Indexing such a large amount of data has implications for the entire IT environment. These solutions either crawl data repositories over the network or employ agents on local desktops and laptops to find new and modified files. IT organizations using these solutions report experiencing disruptions including:

• Requiring read access and permissions to numerous line-of-business applications and storage systems where data resides

• Significant increases to disk I/O for enterprise applications, network file shares, and client machines

• Increased network consumption as large amounts of data are read over the network

• Increased consumption of local hard drive space on employee desktops and laptops for search indexes and redundant copies of preserved files

• Scheduling resource-intensive indexing tasks during off-peak hours, impacting the ability of IT departments to complete backups during shrinking backup windows

Taken together, these issues add cost and complexity to the deployment of index-everything and preserve-in-place solutions. This often results in organizations not fully deploying the solution after purchasing licenses and spending months or years trying to integrate with their existing systems.

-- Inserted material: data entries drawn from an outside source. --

(* Only legs ending at [g] are distorted: in [t] they may climb from [g] to the
   root and down through the at most [e] keys above [R]. *)
Lemma tdist_hosted t g R e :
  pairwise ltn (g :: inorder R) -> size (root_path t g) <= e -> subtree_within t R e ->
  {in g :: inorder R &, forall x y,
    tdist t x y <= tdist (Node Leaf g R) x y + 2 * e * ((x == g) + (y == g))}.
Proof.
move=> sortedR depth_g [Q sizeQ path_t].
have g_min : {in inorder R, forall x, g < x}.
  by move: sortedR; rewrite pairwise_cons => /andP [/allP].
have path_g x : x \in inorder R -> root_path (Node Leaf g R) x = [:: g] ++ root_path R x.
  by move=> Rx; rewrite root_path_nodeR.
have neq_g x : x \in inorder R -> (x == g) = false.
  by move=> Rx; apply/gtn_eqF/g_min.
have from_g y : y \in inorder R -> tdist t g y <= tdist (Node Leaf g R) g y + 2 * e.
  move=> Ry; have := tdist_le_depth t g y.
  by rewrite tdist_root path_g // (path_t y) // !size_cat /=; lia.
move=> x y; rewrite !inE => /predU1P [-> | Rx] /predU1P [-> | Ry].
- by rewrite tdistxx.
- by rewrite eqxx neq_g //; have := from_g y Ry; lia.
- by rewrite eqxx neq_g // tdistC (tdistC _ x); have := from_g x Rx; lia.
- by rewrite !tdistE !path_t // !path_g // !path_dist_catl; lia.
Qed.

Lemma tour_hosted t g R e xs :
  pairwise ltn (g :: inorder R) -> size (root_path t g) <= e -> subtree_within t R e ->
  perm_eq xs (g :: inorder R) -> tour t g xs <= tour (Node Leaf g R) g xs + 10 * e.
Proof.
move=> sortedR depth_g within perm_xs.
have all_xs : all (mem (g :: inorder R)) xs.
  by apply/allP => x; rewrite (perm_mem perm_xs).
have once_g : count_mem g xs <= 1.
  rewrite (permP perm_xs) count_uniq_mem ?leq_b1 //.
  exact: pairwise_uniq ltnn sortedR.
have := tour_compare (tdist_hosted sortedR depth_g within) (mem_head _ _) all_xs once_g.
lia.
Qed.

Fixpoint shift (s : nat) (t : btree) : btree :=
  match t with
  | Leaf => Leaf
  | Node l k r => Node (shift s l) (s + k) (shift s r)
  end.

Lemma inorder_shift s t : inorder (shift s t) = map (addn s) (inorder t).
Proof. by elim: t => //= l -> k r ->; rewrite map_cat. Qed.

Lemma root_path_shift s t k : root_path (shift s t) (s + k) = map (addn s) (root_path t k).
Proof.
elim: t => //= l IHl x r IHr; rewrite !ltn_add2l.
by case: ifP => _; [rewrite IHl | case: ifP => _; [rewrite IHr|]].
Qed.

Lemma tdist_shift s t a b : tdist (shift s t) (s + a) (s + b) = tdist t a b.
Proof.
by rewrite !tdistE !root_path_shift /path_dist !size_map common_prefix_map //; apply: addnI.
Qed.

Lemma tour_shift s t c xs : tour (shift s t) (s + c) (map (addn s) xs) = tour t c xs.
Proof.
rewrite /tour last_map tdist_shift; congr (_ + _).
by elim: xs c => //= x xs IH c; rewrite tdist_shift IH.
Qed.

(** * A balanced tree of blocks *)

Fixpoint btree_eq (a b : btree) : bool :=
  match a, b with
  | Leaf, Leaf => true
  | Node l k r, Node l' k' r' => [&& btree_eq l l', k == k' & btree_eq r r']
  | _, _ => false
  end.

Lemma btree_eqP : Equality.axiom btree_eq.
Proof.
elim=> [|l IHl k r IHr] [|l' k' r'] /=; try by constructor.
apply: (iffP idP) => [/and3P [/IHl -> /eqP -> /IHr ->] // | [<- <- <-]].
by rewrite eqxx; apply/andP; split; [apply/IHl | apply/IHr].
Qed.

HB.instance Definition _ := hasDecEq.Build btree btree_eqP.
Lemma cubic_coef_bounds v1 v2 v3 b1 b2 b3 :
  1 <= v1 -> v1 + 1 <= v2 -> v2 + 1 <= v3 -> v3 <= 7 ->
  Rabs (b1 * v1 + b2 * v1 ^ 2 + b3 * v1 ^ 3) <= / 64 + 3 / 8192 * v1 ^ 4 ->
  Rabs (b1 * v2 + b2 * v2 ^ 2 + b3 * v2 ^ 3) <= / 64 + 3 / 8192 * v2 ^ 4 ->
  Rabs (b1 * v3 + b2 * v3 ^ 2 + b3 * v3 ^ 3) <= / 64 + 3 / 8192 * v3 ^ 4 ->
  Rabs b3 <= 26 / 100 /\ Rabs b2 <= 4 /\ Rabs b1 <= 30.
Proof.
  intros h1 h2 h3 h4 E1 E2 E3.
  apply cubic_div_bound in E1, E2, E3; try lra.
  assert (v1 ^ 3 <= 5 ^ 3) by (apply pow_incr; lra).
  assert (v2 ^ 3 <= 6 ^ 3) by (apply pow_incr; lra).
  assert (v3 ^ 3 <= 7 ^ 3) by (apply pow_incr; lra).
  apply (quadratic_coef_bounds v1 v2 v3); auto; simpl in *; lra.
Qed.

Lemma unit_vector_forms_not_small a b p q F0 F1 F2 F3 :
  a ^ 2 + b ^ 2 + p ^ 2 + q ^ 2 = 1 ->
  Rabs (F0 - (a + p)) <= / 50 -> Rabs (F1 - (- b - 2 * q)) <= / 50 ->
  Rabs (F2 - (- a - 4 * p)) <= / 50 -> Rabs (F3 - (b + 8 * q)) <= / 50 ->
  Rabs F0 <= / 100 -> Rabs F1 <= / 100 -> Rabs F2 <= / 100 -> Rabs F3 <= 156 / 100 -> False.
Proof.
  intros N H0 H1 H2 H3 G0 G1 G2 G3.
  apply Rabs_le_between in H0, H1, H2, H3, G0, G1, G2, G3.
  assert (- 2 / 100 <= p <= 2 / 100) by lra.
  assert (- 5 / 100 <= a <= 5 / 100) by lra.
  assert (- 27 / 100 <= q <= 27 / 100) by lra.
  assert (- 57 / 100 <= b <= 57 / 100) by lra.
  nra.
Qed.

(* [1/64 = 2 / 2^7], and [3/8192 = (18/24) / 2048]: against [eta^3] the Taylor remainder
   keeps one factor [eta <= 2^-11]. *)
Lemma taylor3_scaled eta u F0 F1 F2 F3 Y r :
  0 < eta -> eta <= / 2048 -> 0 <= u ->
  Y = F0 + F1 * u + F2 / 2 * u ^ 2 + F3 / 6 * u ^ 3 + r ->
  Rabs Y < eta ^ 3 / 2 ^ 7 -> Rabs F0 < eta ^ 3 / 2 ^ 7 -> Rabs r <= 18 * u ^ 4 / 24 ->
  Rabs ((F1 / eta ^ 2) * (u / eta) + (F2 / (2 * eta)) * (u / eta) ^ 2 + (F3 / 6) * (u / eta) ^ 3)
   <= / 64 + 3 / 8192 * (u / eta) ^ 4.
Proof.
  intros He He2 Hu EY HY HF Hr.
  set (v := u / eta).
  assert (Hv0 : 0 <= v) by (apply Rdiv_le_0_compat; lra).
  assert (Hv : u = v * eta) by (unfold v; field; lra).
  assert (Hp : 0 < eta ^ 3) by (apply pow_lt; lra).
  replace ((F1 / eta ^ 2) * v + (F2 / (2 * eta)) * v ^ 2 + (F3 / 6) * v ^ 3)
    with ((Y - F0 - r) / eta ^ 3) by (rewrite EY, Hv; field; lra).
  unfold Rdiv at 1. rewrite Rabs_mult, Rabs_inv, (Rabs_pos_eq (eta ^ 3)) by lra.
  apply (Rmult_le_reg_r (eta ^ 3)); [lra|]. rewrite Rmult_assoc, Rinv_l, Rmult_1_r by lra.
  pose proof (Rabs_sub_le (Y - F0) r). pose proof (Rabs_sub_le Y F0).
  rewrite Hv in Hr.
  assert (v ^ 4 * eta ^ 4 <= v ^ 4 * eta ^ 3 / 2048).
  { replace (v ^ 4 * eta ^ 4) with (v ^ 4 * eta ^ 3 * eta) by ring.
    apply Rmult_le_compat_l; [apply Rmult_le_pos; [apply pow_le|]|]; lra. }
  replace ((v * eta) ^ 4) with (v ^ 4 * eta ^ 4) in Hr by ring.
  simpl pow in *. nra.
Qed.

Section SmallValuesOfSmoothFunctions.

Variable F : nat -> R -> R.
Hypothesis F_derive : forall k x, is_derive (F k) x (F (S k) x).
Hypothesis F4_bound : forall z, Rabs (F 4 z) <= 18.

Lemma Derive_n_F n x : Derive_n (F 0) n x = F n x.
Proof.
  revert x; induction n as [|n IHn]; intros x; simpl; auto.
  rewrite (Derive_ext _ (F n)) by exact IHn. apply is_derive_unique, F_derive.
Qed.

Lemma ex_derive_n_F n x : ex_derive_n (F 0) n x.
Proof.
  destruct n as [|n]; simpl; auto.
  apply ex_derive_ext with (f := F n); [intros; symmetry; apply Derive_n_F|].
  eexists. apply F_derive.
Qed.

Lemma taylor3_F x0 y : x0 < y -> exists r,
  F 0 y = F 0 x0 + F 1 x0 * (y - x0) + F 2 x0 / 2 * (y - x0) ^ 2 + F 3 x0 / 6 * (y - x0) ^ 3 + r
  /\ Rabs r <= 18 * (y - x0) ^ 4 / 24.
Proof.
  intros Hxy.
  destruct (Taylor_Lagrange (F 0) 3 x0 y Hxy) as [z [_ E]]; [intros; apply ex_derive_n_F|].
  exists ((y - x0) ^ 4 / 24 * F 4 z). split.
  - rewrite (sum_eq _ (fun m => (y - x0) ^ m / INR (Factorial.fact m) * F m x0)) in E
      by (intros; rewrite Derive_n_F; reflexivity).
    rewrite E, Derive_n_F. simpl. field.
  - assert (0 <= (y - x0) ^ 4 / 24) by (apply Rdiv_le_0_compat; [apply pow_le|]; lra).
    rewrite Rabs_mult_nonneg_l by assumption. specialize (F4_bound z). nra.
Qed.

Lemma cubic_taylor_bound eta x0 y :
  0 < eta -> eta <= / 2048 -> x0 + eta <= y ->
  Rabs (F 0 y) < eta ^ 3 / 2 ^ 7 -> Rabs (F 0 x0) < eta ^ 3 / 2 ^ 7 ->
  let v := (y - x0) / eta in
  Rabs ((F 1 x0 / eta ^ 2) * v + (F 2 x0 / (2 * eta)) * v ^ 2 + (F 3 x0 / 6) * v ^ 3)
   <= / 64 + 3 / 8192 * v ^ 4.
Proof.
  intros He He2 Hy HFy HFx v.
  destruct (taylor3_F x0 y) as [r [E Hr]]; [lra|].
  apply (taylor3_scaled eta (y - x0) (F 0 x0) _ _ _ (F 0 y) r); auto; lra.
Qed.

Lemma derivatives_small_of_four_small_values eta x0 y1 y2 y3 :
  0 < eta -> eta <= / 2048 ->
  x0 + eta <= y1 -> y1 + eta <= y2 -> y2 + eta <= y3 -> y3 <= x0 + 7 * eta ->
  Rabs (F 0 x0) < eta ^ 3 / 2 ^ 7 -> Rabs (F 0 y1) < eta ^ 3 / 2 ^ 7 ->
  Rabs (F 0 y2) < eta ^ 3 / 2 ^ 7 -> Rabs (F 0 y3) < eta ^ 3 / 2 ^ 7 ->
  Rabs (F 1 x0) <= / 100 /\ Rabs (F 2 x0) <= / 100 /\ Rabs (F 3 x0) <= 156 / 100.
Proof.
  intros He He2 S1 S2 S3 S4 Y0 Y1 Y2 Y3.
  assert (Hv : forall y y', y + eta <= y' -> (y - x0) / eta + 1 <= (y' - x0) / eta).
  { intros y y' Hyy'. apply (Rmult_le_reg_r eta); [lra|].
    field_simplify; lra. }
  destruct (cubic_coef_bounds ((y1 - x0) / eta) ((y2 - x0) / eta) ((y3 - x0) / eta)
              (F 1 x0 / eta ^ 2) (F 2 x0 / (2 * eta)) (F 3 x0 / 6)) as [B3 [B2 B1]].
  - replace 1 with ((x0 - x0) / eta + 1) by (field; lra). apply Hv; lra.
  - apply Hv; lra.
  - apply Hv; lra.
  - apply (Rmult_le_reg_r eta); [lra|]. field_simplify; lra.
  - apply cubic_taylor_bound; auto; lra.
  - apply cubic_taylor_bound; auto; lra.
  - apply cubic_taylor_bound; auto; lra.
  - split; [|split].
    + eapply Rle_trans; [apply (Rabs_le_of_scaled (eta ^ 2)); [apply pow_lt|]; eauto|].
      simpl. nra.
    + eapply Rle_trans; [apply (Rabs_le_of_scaled (2 * eta)); [lra|]; eauto|]. lra.
    + eapply Rle_trans; [apply (Rabs_le_of_scaled 6); [lra|]; eauto|]. lra.
Qed.

End SmallValuesOfSmoothFunctions.

Lemma ReH_not_small_at_four_points t eta x0 y1 y2 y3 :
  0 < eta -> eta <= / 2048 ->
  x0 + eta <= y1 -> y1 + eta <= y2 -> y2 + eta <= y3 -> y3 <= x0 + 7 * eta ->
  Rabs (Re (H t x0)) < eta ^ 3 / 2 ^ 7 -> Rabs (Re (H t y1)) < eta ^ 3 / 2 ^ 7 ->
  Rabs (Re (H t y2)) < eta ^ 3 / 2 ^ 7 -> Rabs (Re (H t y3)) < eta ^ 3 / 2 ^ 7 -> False.
Proof.
  intros He He2 S1 S2 S3 S4 Y0 Y1 Y2 Y3. rewrite !Re_H_eq in *.
  destruct (derivatives_small_of_four_small_values (ReH_D t) (is_derive_ReH_D t)
              (ReH_D4_bound t) eta x0 y1 y2 y3) as [D1 [D2 D3]]; auto.
  destruct (ReH_D_main_terms t x0) as [a [b [p [q [N [A0 [A1 [A2 A3]]]]]]]].
  apply (unit_vector_forms_not_small a b p q _ _ _ _ N A0 A1 A2 A3); auto.
  assert (eta ^ 3 <= 1) by (simpl; nra). simpl in Y0. lra.
Qed.

Theorem lemma3p4 (t : nat) (ht_odd : Nat.Odd t) (ht_pos : (0 < t)%nat)
  (eta : R) (heta0 : 0 < eta) (heta1 : eta < / 2 ^ 11) (a : R) :
  exists j : nat, (j <= 6)%nat /\
    forall x : R, a + INR j * eta <= x <= a + (INR j + 1) * eta ->
      eta ^ 3 / 2 ^ 7 <= Rabs (Re (H t x)).
Proof.
  apply NNPP. intros no_good_j.
  assert (small : forall j, (j <= 6)%nat -> exists x,
            a + INR j * eta <= x <= a + (INR j + 1) * eta /\ Rabs (Re (H t x)) < eta ^ 3 / 2 ^ 7).
  { intros j Hj. apply NNPP. intros no_small. apply no_good_j. exists j. split; [exact Hj|].
    intros x Hx. apply Rnot_lt_le. intros Hlt. apply no_small. exists x. auto. }
  destruct (small 0%nat) as [x0 [R0 Y0]]; [lia|].
  destruct (small 2%nat) as [y1 [R1 Y1]]; [lia|].
  destruct (small 4%nat) as [y2 [R2 Y2]]; [lia|].
  destruct (small 6%nat) as [y3 [R3 Y3]]; [lia|].
  simpl INR in R0, R1, R2, R3. simpl pow in heta1.
  apply (ReH_not_small_at_four_points t eta x0 y1 y2 y3); auto; lra.
Qed.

2. Risk of Missing Critical Data

Another key concern of organizations seeking to meet e-discovery requests is the ability to find all relevant files and documents for a case. Missing even a few important documents may result in multimillion dollar fines and sanctions. UBS and Morgan Stanley each paid $29.2 million and $12.5 million, respectively, for losing key files during litigation. It is therefore critically important that e-discovery solutions have the ability to not only index and search common file types, but also a range of less common but equally important files such as those within nested container files, encrypted files, and TIFF images containing text. Solutions that originate from applications outside the e-discovery domain often skip these files because 100% accuracy is not required for other applications such as enterprise search. Across organizations with billions of documents, there may be hundreds of thousands of potentially relevant files which are in the dark and unknown to legal teams because they are not indexed.

Index corruption is another commonly reported issue with index-everything solutions that results in incomplete search results. Search indexes are susceptible to data corruption just like any other computer file, but the large size of indexes containing billions of records increases the probability of errors. In fact, this is a common problem of most archive solutions and other solutions that manage billions of records. A corrupt search index will result in incomplete results or in the worst case scenario, the inability to conduct searches until the index is repaired. In some situations, data must be re-indexed to rebuild a corrupt search index which is time consuming due to the slow speed of some solutions.

The net result isthat in-place solutions increase the likelihood of missing critical data, exposing the organization to considerable legal and financial risk.

3. Time Delays and Uncertainty in Searches

When embarking on a project to make all enterprise data searchable for e-discovery, an important consideration is indexing speed in relation to total outstanding data and projected data growth. Organizations deploying such a solution typically have a large amount of existing data that needs to be indexed, and this index must be continually updated as data is modified and new data is created. Many companies report that although vendors claim high processing rates, these high rates erode over time as companies index greater amounts of their existing data, increasing the size of search indexes. Beyond an application’s ability to index data, there are exogenous factors affecting indexing performance including network speed, disk I/O, and latency. Along with index size and the number of search indexes, these factors can also affect search query performance, resulting in searches that take hours or days to return results.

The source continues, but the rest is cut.